As for rememberance:

Early on, I tried to get into online gaming, first through the hourly services (CompuServe, GEnie) then through AOL (also hourly at that time). MUDs, MUSHes, and MUCKs and more were a cool part of that. Heck, even AOL's chat room (Red Dragon Inn, taken from GEnie) gave me the experience to type fast, read chat fast, and use my imagination more ways than any graphic MMO could hope to do so. Heck, I went to FurryMUCK and some variants, a few AnimeMUSH/MUCKses, a Star Wars MUCK or two, 3 X-Men MUXes, DikuMuck, a few fantasy-ones and more. It was right at my fingertips and I kept on exploring and trying these out.

But don't let things fool you: There WAS level-grinding on MUDs and even Gemstone (and grinding items).
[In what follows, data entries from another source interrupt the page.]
Section RankingUpdate.
Variables (R : realType) (K : nat) (delta : R) (h : nat) (Rb : {perm 'I_K}).
Variables (s s' : 'I_K -> 'I_K -> int) (n n' : 'I_K -> 'I_K -> nat).
Hypothesis ordered : confidently_ordered delta Rb s n.
Hypothesis unpaired_stats : forall u v, ~~ paired h (perm_inv Rb u) (perm_inv Rb v) ->
  s' u v = s u v /\ n' u v = n u v.

Definition confident_inversion (L : 'I_K -> 'I_K) (p q : 'I_K) : bool :=
  thr delta (n' (L q) (L p)) < (s' (L q) (L p))%:~R.

Definition rerank_sw : pred 'I_K := fun k => active h k && confident_inversion Rb k (nxt k).

Lemma rerank_sw_active k : rerank_sw k -> active h k.
Proof. by case/andP. Qed.

Lemma unpaired_not_confident (p q : 'I_K) :
  (p < q)%N -> ~~ paired h q p -> ~~ confident_inversion Rb p q.
Proof.
move=> pq unp; rewrite /confident_inversion.
case: (unpaired_stats (u := Rb q) (v := Rb p)) => [|-> ->]; first by rewrite !permK.
by apply/negP => /ordered; rewrite !permK; lia.
Qed.

Lemma upd_rbar_swaps : upd_rbar delta s' n' Rb =1 Rb \o swaps rerank_sw.
Proof.
apply: (foldl_swaps (active_sw_lt rerank_sw_active) (active_sw_sep rerank_sw_active)
  (c := fun L k => (k.+1 < K)%N && confident_inversion L k (nxt k))).
  by move=> L k kK; rewrite (negbTE kK).
move=> L k kK Lk Lnk; rewrite kK /rerank_sw {1}/confident_inversion Lk Lnk.
case: ifP => [/andP[k0 /rerank_sw_active hp]|_].
  rewrite (negbTE (active_prv k0 hp)).
  apply/negbTE/(unpaired_not_confident (p := prv k) (q := nxt k)).
    by rewrite val_nxt // val_prv; lia.
  by apply/negP => /paired_dist; rewrite val_nxt // val_prv; lia.
case hk: (active h k) => //=; apply/negbTE/unpaired_not_confident.
  by rewrite val_nxt.
by rewrite pairedC paired_nxt // hk.
Qed.
(* Let $X,Y$ be real Banach spaces and let $H$ be a closed subspace of $L(X,Y)$ with $X^*\otimes Y\subseteq H$ such that $H$ has octahedral norm. Assume that the norm of $Y$ is non-rough. Then $X^*$ has octahedral norm.
   Context: The norm of a Banach space $Z$ is octahedral if for every finite-dimensional subspace $E$ and $\varepsilon>0$ there is $y\in S_Z$ with $\|x+\lambda y\|\ge(1-\varepsilon)(\|x\|+|\lambda|)$ for all $x\in E$, scalars $\lambda$. For $u\in S_Z$, $\eta(Z,u)=\limsup_{\|h\|\to0}\frac{\|u+h\|+\|u-h\|-2}{\|h\|}$. $Z$ is $\varepsilon$-rough if $\eta(Z,u)\ge\varepsilon$ for every $u\in S_Z$; the norm is rough if $\varepsilon$-rough for some $\varepsilon>0$, non-rough otherwise. $X^*\otimes Y$ is the space of finite-rank operators spanned by $x\mapsto x^*(x)y$. *)

From Stdlib Require Import Reals List ClassicalEpsilon.
Open Scope R_scope.

Record Banach := {
  car :> Type;
  bzero : car;
  badd : car -> car -> car;
  bopp : car -> car;
  bscal : R -> car -> car;
  bnorm : car -> R;
  badd_assoc : forall x y z, badd x (badd y z) = badd (badd x y) z;
  badd_comm : forall x y, badd x y = badd y x;
  badd_zero : forall x, badd x bzero = x;
  badd_opp : forall x, badd x (bopp x) = bzero;
  bscal_one : forall x, bscal 1 x = x;
  bscal_assoc : forall a b x, bscal a (bscal b x) = bscal (a * b) x;
  bscal_addr : forall a x y, bscal a (badd x y) = badd (bscal a x) (bscal a y);
  bscal_addl : forall a b x, bscal (a + b) x = badd (bscal a x) (bscal b x);
  bnorm_eq0 : forall x, bnorm x = 0 -> x = bzero;
  bnorm_scal : forall a x, bnorm (bscal a x) = Rabs a * bnorm x;
  bnorm_triangle : forall x y, bnorm (badd x y) <= bnorm x + bnorm y;
  bcomplete : forall u : nat -> car,
    (forall eps, 0 < eps -> exists N, forall n m, (N <= n)%nat -> (N <= m)%nat ->
        bnorm (badd (u n) (bopp (u m))) < eps) ->
    exists l, forall eps, 0 < eps -> exists N, forall n, (N <= n)%nat ->
        bnorm (badd (u n) (bopp l)) < eps
}.
Arguments bzero {_}. Arguments badd {_}. Arguments bopp {_}.
Arguments bscal {_}. Arguments bnorm {_}.

(** Supremum / infimum of a set of reals (meaningful when it exists). *)
Definition Rsup (E : R -> Prop) : R :=
  epsilon (inhabits 0) (fun r => is_lub E r).
Definition Rinf (E : R -> Prop) : R := - Rsup (fun x => E (- x)).

Definition is_linear (X : Banach) {W : Type} (wadd : W -> W -> W)
  (wscal : R -> W -> W) (T : X -> W) : Prop :=
  (forall x y, T (badd x y) = wadd (T x) (T y)) /\
  (forall a x, T (bscal a x) = wscal a (T x)).

Definition is_bounded_linear (X : Banach) {W : Type} (wadd : W -> W -> W)
  (wscal : R -> W -> W) (wnorm : W -> R) (T : X -> W) : Prop :=
  is_linear X wadd wscal T /\
  exists C, forall x, wnorm (T x) <= C * bnorm x.

Definition opnorm (X : Banach) {W : Type} (wnorm : W -> R) (T : X -> W) : R :=
  Rsup (fun t => exists x : X, bnorm x <= 1 /\ t = wnorm (T x)).

Definition BL (X Y : Banach) (T : X -> Y) : Prop :=
  is_bounded_linear X (@badd Y) (@bscal Y) (@bnorm Y) T.
Definition op_add {X Y : Banach} (S T : X -> Y) : X -> Y := fun x => badd (S x) (T x).
Definition op_scal {X Y : Banach} (a : R) (T : X -> Y) : X -> Y := fun x => bscal a (T x).
Definition op_zero {X Y : Banach} : X -> Y := fun _ => bzero.
Definition op_norm {X Y : Banach} (T : X -> Y) : R := opnorm X (@bnorm Y) T.

Definition dual_mem (X : Banach) (f : X -> R) : Prop :=
  is_bounded_linear X Rplus Rmult Rabs f.
Definition fadd {X : Banach} (f g : X -> R) : X -> R := fun x => f x + g x.
Definition fscal {X : Banach} (a : R) (f : X -> R) : X -> R := fun x => a * f x.
Definition fzero {X : Banach} : X -> R := fun _ => 0.
Definition fnorm {X : Banach} (f : X -> R) : R := opnorm X Rabs f.

Definition closed_subspace_L (X Y : Banach) (H : (X -> Y) -> Prop) : Prop :=
  (forall T, H T -> BL X Y T) /\
  H op_zero /\
  (forall S T, H S -> H T -> H (op_add S T)) /\
  (forall a T, H T -> H (op_scal a T)) /\
  (forall (u : nat -> X -> Y) (T : X -> Y), (forall n, H (u n)) -> BL X Y T ->
     (forall eps, 0 < eps -> exists N, forall n, (N <= n)%nat ->
        op_norm (op_add (u n) (op_scal (-1) T)) < eps) ->
     H T).

(** X^* (x) Y: finite sums of rank-one operators x |-> f(x) y. *)
Definition tensor_op {X Y : Banach} (l : list ((X -> R) * Y)) : X -> Y :=
  fun x => fold_right (fun p acc => badd (bscal (fst p x) (snd p)) acc) bzero l.

Definition tensor_in (X Y : Banach) (H : (X -> Y) -> Prop) : Prop :=
  forall l : list ((X -> R) * Y),
    Forall (fun p => dual_mem X (fst p)) l -> H (tensor_op l).

(** Octahedral norm of a normed space V (carrier restricted to the
    subspace P), given by its operations.  A finite-dimensional subspace E
    of the space is the span of a finite list of its elements. *)
Definition lincomb {V : Type} (vadd : V -> V -> V) (vscal : R -> V -> V) (vzero : V)
  (c : list R) (l : list V) : V :=
  fold_right (fun p acc => vadd (vscal (fst p) (snd p)) acc) vzero (combine c l).

Definition octahedral {V : Type} (P : V -> Prop) (vadd : V -> V -> V)
  (vscal : R -> V -> V) (vzero : V) (vnorm : V -> R) : Prop :=
  forall (l : list V), Forall P l ->
  forall eps, 0 < eps ->
  exists y, P y /\ vnorm y = 1 /\
    forall (c : list R) (lam : R), length c = length l ->
      let x := lincomb vadd vscal vzero c l in
      vnorm (vadd x (vscal lam y)) >= (1 - eps) * (vnorm x + Rabs lam).

(** eta(Z,u) = limsup_{||h|| -> 0} (||u+h|| + ||u-h|| - 2) / ||h||
           = inf_{delta>0} sup_{0<||h||<delta} (...). *)
Definition eta (Z : Banach) (u : Z) : R :=
  Rinf (fun s => exists delta, 0 < delta /\
    s = Rsup (fun t => exists h : Z, 0 < bnorm h < delta /\
      t = (bnorm (badd u h) + bnorm (badd u (bopp h)) - 2) / bnorm h)).

Definition eps_rough (Z : Banach) (e : R) : Prop :=
  forall u : Z, bnorm u = 1 -> eta Z u >= e.

Definition rough (Z : Banach) : Prop := exists e, 0 < e /\ eps_rough Z e.
Definition non_rough (Z : Banach) : Prop := ~ rough Z.

From Stdlib Require Import Reals List Lra ClassicalEpsilon Classical
  FunctionalExtensionality PropExtensionality.
From mathcomp Require classical_sets boolp.
Open Scope R_scope.

(* Since Y is not rough, it has a unit vector u at which the norm is nearly smooth;
   let phi be a norming functional of u (Hahn-Banach).  Given functionals f_1, ..., f_n,
   apply octahedrality of H to the rank-one operators f_i (x) u, getting T in H of norm 1,
   and take g = phi o T.  For F in the span of the f_i, a point x almost norming
   F (x) u + lam T must have |F x| close to ||F||, and near-smoothness at u turns
   ||F x u + lam T x|| into |F x + lam g x| up to a small error: this is the octahedral
   inequality for F and g at the single scale lam = t ||F||, and convexity of
   lam |-> ||F + lam g|| extends it to every lam.  A nonzero functional f_0 added to the
   list forces ||g|| to be close to 1, so g can be normalized. *)

Arguments badd_assoc {_}. Arguments badd_comm {_}. Arguments badd_zero {_}.
Arguments badd_opp {_}. Arguments bscal_one {_}. Arguments bscal_assoc {_}.
Arguments bscal_addr {_}. Arguments bscal_addl {_}. Arguments bnorm_eq0 {_}.
Arguments bnorm_scal {_}. Arguments bnorm_triangle {_}.

Lemma Rabs_N1 : Rabs (-1) = 1.
Proof. rewrite Rabs_left; lra. Qed.

Section BanachAlgebra.
Variable V : Banach.
Implicit Types x y z w : V.

Lemma badd0l x : badd bzero x = x.
Proof. rewrite badd_comm. apply badd_zero. Qed.

Lemma baddI x y z : badd x y = badd x z -> y = z.
Proof.
  intros E.
  assert (E' : badd (badd (bopp x) x) y = badd (badd (bopp x) x) z)
    by now rewrite <- !badd_assoc, E.
  now rewrite (badd_comm (bopp x)), badd_opp, !badd0l in E'.
Qed.

Lemma bscal0l x : bscal 0 x = bzero.
Proof.
  apply (baddI (bscal 0 x)). rewrite badd_zero, <- bscal_addl. now rewrite Rplus_0_l.
Qed.

Lemma bscal0r a : bscal a (@bzero V) = bzero.
Proof. now rewrite <- (bscal0l bzero), bscal_assoc, Rmult_0_r. Qed.

Lemma bopp_scal x : bopp x = bscal (-1) x.
Proof.
  apply (baddI x). rewrite badd_opp. rewrite <- (bscal_one x) at 1.
  now rewrite <- bscal_addl, Rplus_opp_r, bscal0l.
Qed.

Lemma bnorm0 : bnorm (@bzero V) = 0.
Proof. now rewrite <- (bscal0l bzero), bnorm_scal, Rabs_R0, Rmult_0_l. Qed.

Lemma bnormN x : bnorm (bopp x) = bnorm x.
Proof. now rewrite bopp_scal, bnorm_scal, Rabs_N1, Rmult_1_l. Qed.

Lemma bnorm_ge0 x : 0 <= bnorm x.
Proof.
  pose proof (bnorm_triangle x (bopp x)) as Htri.
  rewrite badd_opp, bnorm0, bnormN in Htri. lra.
Qed.

Lemma baddACA x y z w : badd (badd x y) (badd z w) = badd (badd x z) (badd y w).
Proof.
  rewrite <- !badd_assoc. f_equal. rewrite !badd_assoc. f_equal. apply badd_comm.
Qed.

End BanachAlgebra.

Lemma Rsup_is_lub (E : R -> Prop) :
  (exists x, E x) -> (exists M, forall x, E x -> x <= M) -> is_lub E (Rsup E).
Proof.
  intros [x Ex] [M HM]. unfold Rsup. apply epsilon_spec.
  destruct (completeness E) as [m Hm]; [exists M; exact HM | exists x; exact Ex |].
  now exists m.
Qed.

Lemma Rsup_ub (E : R -> Prop) x :
  (exists M, forall x, E x -> x <= M) -> E x -> x <= Rsup E.
Proof. intros HB Ex. now apply (Rsup_is_lub E (ex_intro _ x Ex) HB). Qed.

Lemma Rsup_le (E : R -> Prop) M :
  (exists x, E x) -> (forall x, E x -> x <= M) -> Rsup E <= M.
Proof. intros Hne HM. now apply (Rsup_is_lub E Hne (ex_intro _ M HM)). Qed.

Lemma Rsup_approx (E : R -> Prop) eps :
  (exists x, E x) -> (exists M, forall x, E x -> x <= M) -> 0 < eps ->
  exists x, E x /\ Rsup E - eps < x.
Proof.
  intros Hne HB Heps. apply NNPP. intros Hno.
  enough (Rsup E <= Rsup E - eps) by lra.
  apply Rsup_le; [exact Hne |]. intros x Ex.
  apply Rnot_lt_le. intros Hlt. apply Hno. now exists x.
Qed.

Lemma Rinf_lb (E : R -> Prop) x :
  (exists m, forall x, E x -> m <= x) -> E x -> Rinf E <= x.
Proof.
  intros [m Hm] Ex. unfold Rinf.
  enough (- x <= Rsup (fun y => E (- y))) by lra.
  apply Rsup_ub; [| now rewrite Ropp_involutive].
  exists (- m). intros y Ey. specialize (Hm _ Ey). lra.
Qed.

Lemma Rinf_ge (E : R -> Prop) m :
  (exists x, E x) -> (forall x, E x -> m <= x) -> m <= Rinf E.
Proof.
  intros [x Ex] Hm. unfold Rinf.
  enough (Rsup (fun y => E (- y)) <= - m) by lra.
  apply Rsup_le; [exists (- x); now rewrite Ropp_involutive |].
  intros y Ey. specialize (Hm _ Ey). lra.
Qed.

Lemma Rinf_approx (E : R -> Prop) eps :
  (exists x, E x) -> (exists m, forall x, E x -> m <= x) -> 0 < eps ->
  exists x, E x /\ x < Rinf E + eps.
Proof.
  intros Hne HB Heps. apply NNPP. intros Hno.
  enough (Rinf E + eps <= Rinf E) by lra.
  apply Rinf_ge; [exact Hne |]. intros x Ex.
  apply Rnot_lt_le. intros Hlt. apply Hno. now exists x.
Qed.

Section OperatorNorm.
Variables (X : Banach) (W : Type) (wnorm : W -> R) (T : X -> W).

Definition op_bounded : Prop :=
  exists M, forall x : X, bnorm x <= 1 -> wnorm (T x) <= M.

Let ball_image_nonempty :
  exists t, exists x : X, bnorm x <= 1 /\ t = wnorm (T x).
Proof. exists (wnorm (T bzero)), bzero. split; [rewrite bnorm0; lra | reflexivity]. Qed.

Lemma opnorm_ub x : op_bounded -> bnorm x <= 1 -> wnorm (T x) <= opnorm X wnorm T.
Proof.
  intros [M HM] Hx. apply Rsup_ub; [| now exists x].
  exists M. intros t [y [Hy ->]]. auto.
Qed.

Lemma opnorm_le M :
  (forall x : X, bnorm x <= 1 -> wnorm (T x) <= M) -> opnorm X wnorm T <= M.
Proof.
  intros HM. apply Rsup_le; [exact ball_image_nonempty |].
  intros t [y [Hy ->]]. auto.
Qed.

Lemma opnorm_approx eps : op_bounded -> 0 < eps ->
  exists x, bnorm x <= 1 /\ opnorm X wnorm T - eps < wnorm (T x).
Proof.
  intros [M HM] Heps.
  destruct (Rsup_approx _ eps ball_image_nonempty) as [t [[x [Hx ->]] Ht]];
    [| exact Heps | now exists x].
  exists M. intros t [y [Hy ->]]. auto.
Qed.

End OperatorNorm.

Section HahnBanach.
Variable Y : Banach.

Definition sublinear (q : Y -> R) : Prop :=
  (forall x y, q (badd x y) <= q x + q y) /\
  (forall a x, 0 < a -> q (bscal a x) <= a * q x) /\ q bzero = 0.

Lemma sublinear_scal q a x : sublinear q -> 0 <= a -> q (bscal a x) = a * q x.
Proof.
  intros [_ [Hscal H0]] Ha. destruct (Req_dec a 0) as [-> | Ha0].
  - now rewrite bscal0l, H0, Rmult_0_l.
  - apply Rle_antisym; [apply Hscal; lra |].
    assert (Hinv : q x <= / a * q (bscal a x)).
    { rewrite <- (bscal_one x) at 1. rewrite <- (Rinv_l a Ha0), <- bscal_assoc.
      apply Hscal, Rinv_0_lt_compat. lra. }
    apply (Rmult_le_compat_l a) in Hinv; [| lra].
    now rewrite <- Rmult_assoc, Rinv_r, Rmult_1_l in Hinv.
Qed.

Lemma sublinear_lower q x : sublinear q -> - q (bopp x) <= q x.
Proof.
  intros [Hadd [_ H0]]. pose proof (Hadd x (bopp x)) as Hx.
  rewrite badd_opp, H0 in Hx. lra.
Qed.

Lemma sublinear_odd_linear q : sublinear q -> (forall x, q (bopp x) = - q x) ->
  (forall x y, q (badd x y) = q x + q y) /\ (forall a x, q (bscal a x) = a * q x).
Proof.
  intros Hq Hodd. split.
  - intros x y. apply Rle_antisym; [now apply Hq |].
    pose proof (proj1 Hq (bopp x) (bopp y)) as Hopp.
    replace (badd (bopp x) (bopp y)) with (bopp (badd x y)) in Hopp
      by now rewrite !bopp_scal, bscal_addr.
    rewrite !Hodd in Hopp. lra.
  - intros a x. destruct (Rle_dec 0 a) as [Ha | Ha]; [now apply sublinear_scal |].
    replace (bscal a x) with (bscal (- a) (bopp x))
      by (rewrite bopp_scal, bscal_assoc; f_equal; ring).
    rewrite sublinear_scal, Hodd by (auto; lra). ring.
Qed.

(* The one-step extension of Hahn-Banach in disguise: since [shift q x0 (- x0) <= - q x0],
   a minimal sublinear [q] must be odd, hence linear. *)
Definition shift (q : Y -> R) (x0 y : Y) : R :=
  Rinf (fun r => exists t, 0 <= t /\ r = q (badd y (bscal t x0)) - t * q x0).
Typing a command such as "attack sheep" (or whatever that sheep-creature was in Gemstone) or "att sheep" was a chore to do over and over (no macro for this kid!). Sometimes lucked out with "a shp" and at least I could type "n" to "go north". And you had staples like debuffing of stats after death that could be either waited out in some games or you HAD to see a healer in others, item stat loss and all the rest. These are not as new as many think they are. (You'd grumble over them at that time, too! But at least people were more willing to sit in the town square and roleplay while waiting on a heal or buff at that time, definitely seems to be MORE RPers then than now. Maybe the "shiny graphics" has made more people anti-RP nowadays?)